• _Material supplied_:
---*---
(* Let $m\ge1$, $N=2^m$, let $\mathcal{A}\subseteq[0,N-1]$ be nonempty such that the monomial set $\mathcal{I}=\{\mathbf{x}^{\mathrm{bin}(N-1-i)}:i\in\mathcal{A}\}$ is decreasing, and suppose the code $\mathcal{C}_{\boldsymbol{G}_N}(\mathcal{A})$ has minimum distance $2^{m-r}$. Let $\mathbf{P}\in\mathbb{F}_2^{N\times N}$ be upper triangular with unit diagonal. Then the minimum distance of $\mathcal{C}_{\mathbf{P}\boldsymbol{G}_N}(\mathcal{A})$ is also $2^{m-r}$, and the number of codewords of $\mathcal{C}_{\mathbf{P}\boldsymbol{G}_N}(\mathcal{A})$ of Hamming weight $2^{m-r}$ is at least $2^r$.
   Context: $\boldsymbol{G}_N=\begin{pmatrix}1&0\\1&1\end{pmatrix}^{\otimes m}$ over $\mathbb{F}_2$, rows/columns indexed by $0,\dots,N-1$; $\mathcal{C}_{\mathbf{B}}(\mathcal{S})$ is the code spanned by the rows of $\mathbf{B}$ indexed by $\mathcal{S}$. For $i\in[0,N-1]$, $\mathrm{bin}(i)=(i_0,\dots,i_{m-1})$ with $i=\sum_j i_j2^j$, $\mathbf{x}^{b}=\prod_jx_j^{b_j}$; row $i$ of $\boldsymbol{G}_N$ is the evaluation vector of $\mathbf{x}^{\mathrm{bin}(N-1-i)}$ on $\mathbb{F}_2^m$. Order on monomials: $f\preceq_w g$ iff $f\mid g$; for $f=x_{i_1}\cdots x_{i_s}$, $g=x_{j_1}\cdots x_{j_s}$ with $i_1<\dots<i_s$, $j_1<\dots<j_s$, $f\preceq_{sh}g$ iff $i_\ell\le j_\ell$ for all $\ell$; $f\preceq g$ iff some monomial $g^*$ satisfies $f\preceq_{sh}g^*\preceq_w g$. A set $\mathcal{I}$ of monomials is decreasing if $f\in\mathcal{I}$, $g\preceq f$ imply $g\in\mathcal{I}$. *)

From HB Require Import structures.
From mathcomp Require Import all_boot all_order all_algebra.
Set Implicit Arguments. Unset Strict Implicit. Unset Printing Implicit Defensive.
Import Order.TTheory GRing.Theory.
Local Open Scope ring_scope.

(* The 2x2 kernel [[1,0],[1,1]] over F_2, indexed by a,b in {0,1}. *)
Definition kern2 (a b : nat) : 'F_2 := if (a == 0%N) && (b == 1%N) then 0 else 1.

(* Entries of the m-fold Kronecker power  K^{(x) m}, with K^{(x) (m+1)} = K (x) K^{(x) m}:
   (A (x) B)(i,j) = A(i div n, j div n) * B(i mod n, j mod n), n = size of B. *)
Fixpoint kron_pow_entry (m i j : nat) : 'F_2 :=
  match m with
  | 0%N => 1
  | m'.+1 => kern2 (i %/ 2 ^ m') (j %/ 2 ^ m') *
             kron_pow_entry m' (i %% 2 ^ m') (j %% 2 ^ m')
  end.

Definition GN (m : nat) : 'M['F_2]_(2 ^ m) :=
  \matrix_(i, j) kron_pow_entry m i j.

Definition row_code (n : nat) (B : 'M['F_2]_n) (S : {set 'I_n}) : {set 'rV['F_2]_n} :=
  [set c | [exists u : {ffun 'I_n -> 'F_2}, c == \sum_(i in S) u i *: row i B]].

Definition wt (n : nat) (c : 'rV['F_2]_n) : nat := #|[set j : 'I_n | c 0 j != 0]|.

Definition has_min_dist (n : nat) (C : {set 'rV['F_2]_n}) (d : nat) : Prop :=
  (exists2 c, c \in C & (c != 0) && (wt c == d)) /\
  (forall c, c \in C -> c != 0 -> (d <= wt c)%N).

(* Monomials in x_0..x_{m-1} over F_2 (exponents in {0,1}) are represented
   by their support: x^b  <->  {k | b_k = 1}. *)
Definition monomial (m : nat) := {set 'I_m}.

(* x^{bin(N-1-i)}: the set of positions k with bit k of N-1-i equal to 1. *)
Definition mono_of_index (m : nat) (i : 'I_(2 ^ m)) : monomial m :=
  [set k : 'I_m | odd ((2 ^ m - 1 - i) %/ 2 ^ k)].

Definition vars (m : nat) (f : monomial m) : seq nat := map val (enum f).

(* f <=_w g  iff  f | g *)
Definition le_w (m : nat) (f g : monomial m) : bool := f \subset g.

Definition le_sh (m : nat) (f g : monomial m) : bool :=
  (#|f| == #|g|) &&
  [forall l : 'I_m, (l < #|f|)%N ==> (nth 0%N (vars f) l <= nth 0%N (vars g) l)%N].

Definition mono_le (m : nat) (f g : monomial m) : Prop :=
  exists gs : monomial m, le_sh f gs && le_w gs g.

Definition decreasing (m : nat) (I : {set monomial m}) : Prop :=
  forall f g : monomial m, f \in I -> mono_le g f -> g \in I.

Definition upper_unitriangular (n : nat) (P : 'M['F_2]_n) : Prop :=
  (forall i j : 'I_n, (j < i)%N -> P i j = 0) /\ (forall i : 'I_n, P i i = 1).

(* In block form G_(2N) = [[G_N, 0], [G_N, G_N]], so by induction on m, adding to row i
   of G_N any combination of later rows never lowers its weight 2^popcount(i).  Since P is
   upper unitriangular, every nonzero codeword of C_(P G_N)(A) is row i of G_N plus later
   rows, where i is the first index of A used; hence the minimum distance 2^(m-r) cannot
   drop.  A row i0 of G_N of that weight lies in A and its monomial has degree r; by
   decreasingness x_0...x_(r-1) and all its divisors, i.e. the monomials of all indices
   >= N - 2^r, belong to the monomial set.  Row N - 2^r + t of P G_N is the 2^r-periodic
   repetition of row t of Q G_(2^r), where Q is the bottom-right 2^r x 2^r block of P; as
   Q G_(2^r) is invertible, the code contains every 2^r-periodic word, in particular the
   2^r indicators of the residue classes modulo 2^r, each of weight 2^(m-r). *)

From mathcomp Require Import all_boot all_order all_algebra.
From mathcomp Require Import zify.
Set Implicit Arguments. Unset Strict Implicit. Unset Printing Implicit Defensive.
Import GRing.Theory.

Local Notation E := kron_pow_entry.

(** * Binary digits *)

Definition popcount (m i : nat) : nat := count (fun k => odd (i %/ 2 ^ k)) (iota 0 m).

Lemma odd_modn_exp_div m k x : k < m -> odd (x %% 2 ^ m %/ 2 ^ k) = odd (x %/ 2 ^ k).
Proof.
move=> km; rewrite -(subnK (ltnW km)) expnD -modn_divl odd_mod //.
by rewrite oddX subn_eq0 leqNgt km.
Qed.

Lemma popcount_modn m i : popcount m (i %% 2 ^ m) = popcount m i.
Proof.
apply: eq_in_count => k; rewrite mem_iota add0n => km.
exact: odd_modn_exp_div.
Qed.

Lemma popcountS m i : popcount m.+1 i = popcount m i + odd (i %/ 2 ^ m).
Proof. by rewrite /popcount -[m.+1]addn1 iotaD count_cat /= add0n addn0. Qed.

Lemma odd_div_complement m i k : i < 2 ^ m -> k < m ->
  odd ((2 ^ m - 1 - i) %/ 2 ^ k) = ~~ odd (i %/ 2 ^ k).
Proof.
elim: m i k => [|m IH] i [|k] im km //.
  by rewrite !divn1 -subnDA oddB ?oddX // addnC; lia.
rewrite [2 ^ k.+1]expnS !divnMA expnS in im *.
have -> : (2 * 2 ^ m - 1 - i) %/ 2 = 2 ^ m - 1 - i %/ 2 by lia.
by apply: IH; lia.
Qed.

Lemma bits_inj m x y : x < 2 ^ m -> y < 2 ^ m ->
  (forall k, k < m -> odd (x %/ 2 ^ k) = odd (y %/ 2 ^ k)) -> x = y.
Proof.
elim: m x y => [|m IH] x y xm ym xy; first by rewrite expn0 in xm ym; lia.
have x2y2 : x %/ 2 = y %/ 2.
  rewrite expnS in xm ym; apply: IH; [lia | lia | move=> k km].
  by rewrite -!divnMA -expnS xy.
have := xy 0 isT; rewrite !divn1 => x0y0.
by rewrite (divn_eq x 2) (divn_eq y 2) !modn2 x2y2 x0y0.
Qed.

Lemma count_modn_iota d a q : a < d -> count (fun k => k %% d == a) (iota 0 (q * d)) = q.
Proof.
move=> ad; elim: q => [//|q IH].
rewrite mulSnr iotaD count_cat IH add0n -[q * d]addn0 iotaDl count_map.
rewrite (@eq_in_count _ _ (pred1 a)); last first.
  by move=> k; rewrite mem_iota add0n => kd /=; rewrite modnMDl modn_small.
by rewrite (count_uniq_mem _ (iota_uniq 0 d)) mem_iota ad addn1.
Qed.

Lemma card_ord_pred m (p : pred nat) : #|[set k : 'I_m | p k]| = count p (iota 0 m).
Proof. by rewrite -val_enum_ord count_map enumT cardsE cardE /enum_mem size_filter. Qed.

(** * Monomials of row indices *)

Definition prefix_monomial (m r : nat) : monomial m := [set k : 'I_m | k < r].

Lemma mono_of_index_card m (i : 'I_(2 ^ m)) : #|mono_of_index i| = m - popcount m i.
Proof.
rewrite (card_ord_pred m (fun k => odd ((2 ^ m - 1 - i) %/ 2 ^ k))).
rewrite (@eq_in_count _ _ (predC (fun k => odd (i %/ 2 ^ k)))) => [|k]; last first.
  by rewrite mem_iota => /andP[_ km]; exact: odd_div_complement.
by rewrite -[X in X - _](size_iota 0) -(count_predC (fun k => odd (i %/ 2 ^ k))) addKn.
Qed.

Lemma mono_of_index_inj m : injective (@mono_of_index m).
Proof.
move=> i j eq_ij; apply/val_inj/(@bits_inj m) => [||k km]; rewrite ?ltn_ord //.
have := congr1 (fun S : {set 'I_m} => Ordinal km \in S) eq_ij; rewrite !inE /=.
by rewrite !odd_div_complement // => /negb_inj.
Qed.

Lemma mono_of_index_sub_prefix m r (j : 'I_(2 ^ m)) :
  2 ^ m - 2 ^ r <= j -> mono_of_index j \subset prefix_monomial m r.
Proof.
move=> jr; apply/subsetP => k; rewrite !inE; case: ltnP => // rk.
have := leq_pexp2l (isT : 0 < 2) rk; have := ltn_ord j.
by move=> jm rk2; rewrite divn_small //; lia.
Qed.

Lemma mono_of_index_prefix m r (j : 'I_(2 ^ m)) :
  r <= m -> val j = 2 ^ m - 2 ^ r -> mono_of_index j = prefix_monomial m r.
Proof.
move=> rm jE; have rm2 := leq_pexp2l (isT : 0 < 2) rm.
apply/eqP; rewrite eqEsubset mono_of_index_sub_prefix ?jE //.
apply/subsetP => k; rewrite !inE => kr.
have -> : 2 ^ m - 1 - j = 2 ^ r - 1 - 0 by rewrite jE; have := expn_gt0 2 r; lia.
by rewrite odd_div_complement ?expn_gt0 ?div0n.
Qed.

Lemma vars_sorted m (S : monomial m) : sorted ltn (vars S).
Proof.
rewrite /vars /enum_mem -enumT; apply: (subseq_sorted ltn_trans _ (iota_ltn_sorted 0 m)).
by rewrite -val_enum_ord map_subseq ?filter_subseq.
Qed.

Lemma vars_prefix m r : r <= m -> vars (prefix_monomial m r) = iota 0 r.
Proof.
move=> rm; rewrite /vars /enum_mem -enumT -(filter_iota_ltn 0 rm) -val_enum_ord filter_map.
by congr map; apply: eq_in_filter => k _; rewrite /= inE.
Qed.

Lemma card_prefix_monomial m r : r <= m -> #|prefix_monomial m r| = r.
Proof. by move=> rm; rewrite cardE -(size_map val) -/(vars _) vars_prefix // size_iota. Qed.

Lemma sorted_ltn_nth_geq s l : sorted ltn s -> l < size s -> l <= nth 0 s l.
Proof.
move=> s_sorted; elim: l => [//|l IH] ls; apply: leq_ltn_trans (IH (ltnW ls)) _.
by apply: (sorted_ltn_nth ltn_trans) => //; rewrite inE ltnW.
Qed.

Lemma le_sh_refl m (f : monomial m) : le_sh f f.
Proof. by rewrite /le_sh eqxx; apply/forallP => l; apply/implyP => _. Qed.

Lemma le_sh_prefix m (S : monomial m) : le_sh (prefix_monomial m #|S|) S.
Proof.
have Sm : #|S| <= m by rewrite -[leqRHS]card_ord max_card.
rewrite /le_sh card_prefix_monomial // eqxx; apply/forallP => l; apply/implyP => lS.
rewrite vars_prefix // nth_iota // add0n sorted_ltn_nth_geq ?vars_sorted //.
by rewrite size_map -cardE.
Qed.

Lemma decreasing_tail_mem m (A : {set 'I_(2 ^ m)}) (i : 'I_(2 ^ m)) :
  decreasing [set mono_of_index i | i in A] -> i \in A ->
  forall j : 'I_(2 ^ m), 2 ^ m - 2 ^ #|mono_of_index i| <= j -> j \in A.
Proof.
move=> decA iA j jr.
have rm : #|mono_of_index i| <= m by rewrite -[leqRHS]card_ord max_card.
have memA k : mono_of_index k \in [set mono_of_index i | i in A] -> k \in A.
  by case/imsetP => k' k'A /mono_of_index_inj ->.
have s0m : 2 ^ m - 2 ^ #|mono_of_index i| < 2 ^ m.
  by rewrite -subn_gt0 subKn ?expn_gt0 ?leq_pexp2l.
have prefixI : prefix_monomial m #|mono_of_index i| \in [set mono_of_index i | i in A].
  rewrite -(@mono_of_index_prefix _ _ (Ordinal s0m) rm) //; apply/imset_f/memA.
  apply: (decA (mono_of_index i)); first exact: imset_f.
  exists (mono_of_index i).
  by rewrite (@mono_of_index_prefix _ _ (Ordinal s0m) rm) // le_sh_prefix /le_w subxx.
apply/memA/(decA _ _ prefixI); exists (mono_of_index j).
by rewrite le_sh_refl /le_w mono_of_index_sub_prefix.
Qed.

(** * Rows of the Kronecker power G_N *)

(* The block form G_(2^(m+1)) = [[G_(2^m), 0], [G_(2^m), G_(2^m)]]. *)
Lemma kron_pow_entry_lo m i k : k < 2 ^ m -> E m.+1 i k = E m (i %% 2 ^ m) k.
Proof. by move=> km /=; rewrite (divn_small km) (modn_small km) /kern2 andbF mul1r. Qed.

Lemma kron_pow_entry_hi m i k : k < 2 ^ m ->
  E m.+1 i (2 ^ m + k) = if i < 2 ^ m then 0%R else E m (i %% 2 ^ m) k.
Proof.
move=> km /=; rewrite divnDl // divnn expn_gt0 (divn_small km) modnDl (modn_small km).
rewrite /kern2 addn0 /= andbT; case: ltnP => [/divn_small -> | mi]; first by rewrite mul0r.
by rewrite eqn0Ngt divn_gt0 ?expn_gt0 // mi mul1r.
Qed.

Lemma kron_pow_entry_diag m i : E m i i = 1%R.
Proof. by elim: m i => [|m IH] i //=; rewrite IH mulr1 /kern2; case: eqP => // ->. Qed.

Lemma kron_pow_entry_upper m i j : i < j < 2 ^ m -> E m i j = 0%R.
Proof.
elim: m i j => [|m IH] i j /andP[ij jm]; first by rewrite expn0 in jm; lia.
have [jlo | jhi] := ltnP j (2 ^ m).
  by rewrite kron_pow_entry_lo // modn_small ?IH ?ij //; lia.
rewrite -(subnKC jhi) kron_pow_entry_hi; last by rewrite expnS in jm; lia.
case: ltnP => // mi; rewrite IH //; rewrite expnS in jm.
rewrite -[X in (X %% _)](subnKC mi) modnDl modn_small; lia.
Qed.

Lemma kron_pow_entry_tail m r t k : r <= m -> t < 2 ^ r -> k < 2 ^ m ->
  E m (2 ^ m - 2 ^ r + t) k = E r t (k %% 2 ^ r).
Proof.
elim: m k => [|m IH] k rm tr km; first by move: rm; rewrite leqn0 => /eqP ->.
have [-> | rlt] : r = m.+1 \/ r <= m by lia.
  by rewrite subnn (modn_small km).
have rm2 : 2 ^ r <= 2 ^ m by rewrite leq_pexp2l.
have sm : 2 ^ m - 2 ^ r + t < 2 ^ m by lia.
rewrite expnS in km; rewrite expnS mul2n -addnn -addnBA // -addnA.
have [klo | khi] := ltnP k (2 ^ m).
  by rewrite kron_pow_entry_lo // modnDl (modn_small sm) IH.
rewrite -(subnKC khi) kron_pow_entry_hi; last by lia.
rewrite ltnNge leq_addr /= modnDl (modn_small sm) IH //; last by lia.
by move: (k - 2 ^ m) => x; rewrite -(subnK rlt) expnD modnMDl.
Qed.
Theorem proposition3p6 (G : finType) (ar : G -> nat)
    (ar_pos : forall a : G, 0 < ar a) :
  (forall t : tree G, wf ar t -> (coirreducible ar t <-> stringy t)) /\
  (forall d : nat, 0 < d ->
     exists s : seq (tree G),
       [/\ uniq s,
           forall t, t \in s <-> [/\ wf ar t, coirreducible ar t & degree t = d]
         & size s = #|G| * (\sum_(a : G) ar a) ^ (d - 1)]).
Proof.
split; first exact: coirreducibleP.
case=> // n _; exists (stringy_trees ar n); split.
- exact: uniq_stringy_trees.
- move=> t; rewrite mem_stringy_trees; split.
    by case/and3P=> t_wf t_stringy /eqP deg_t; split=> //; apply/coirreducibleP.
  by case=> t_wf /(coirreducibleP t_wf) -> ->; rewrite t_wf eqxx.
- by rewrite size_stringy_trees subn1.
Qed.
---*---
• _Exercise prompt_: Please count up the lines in the listing above holding the string "that", and say the number with nothing else.

• _Answer_: 2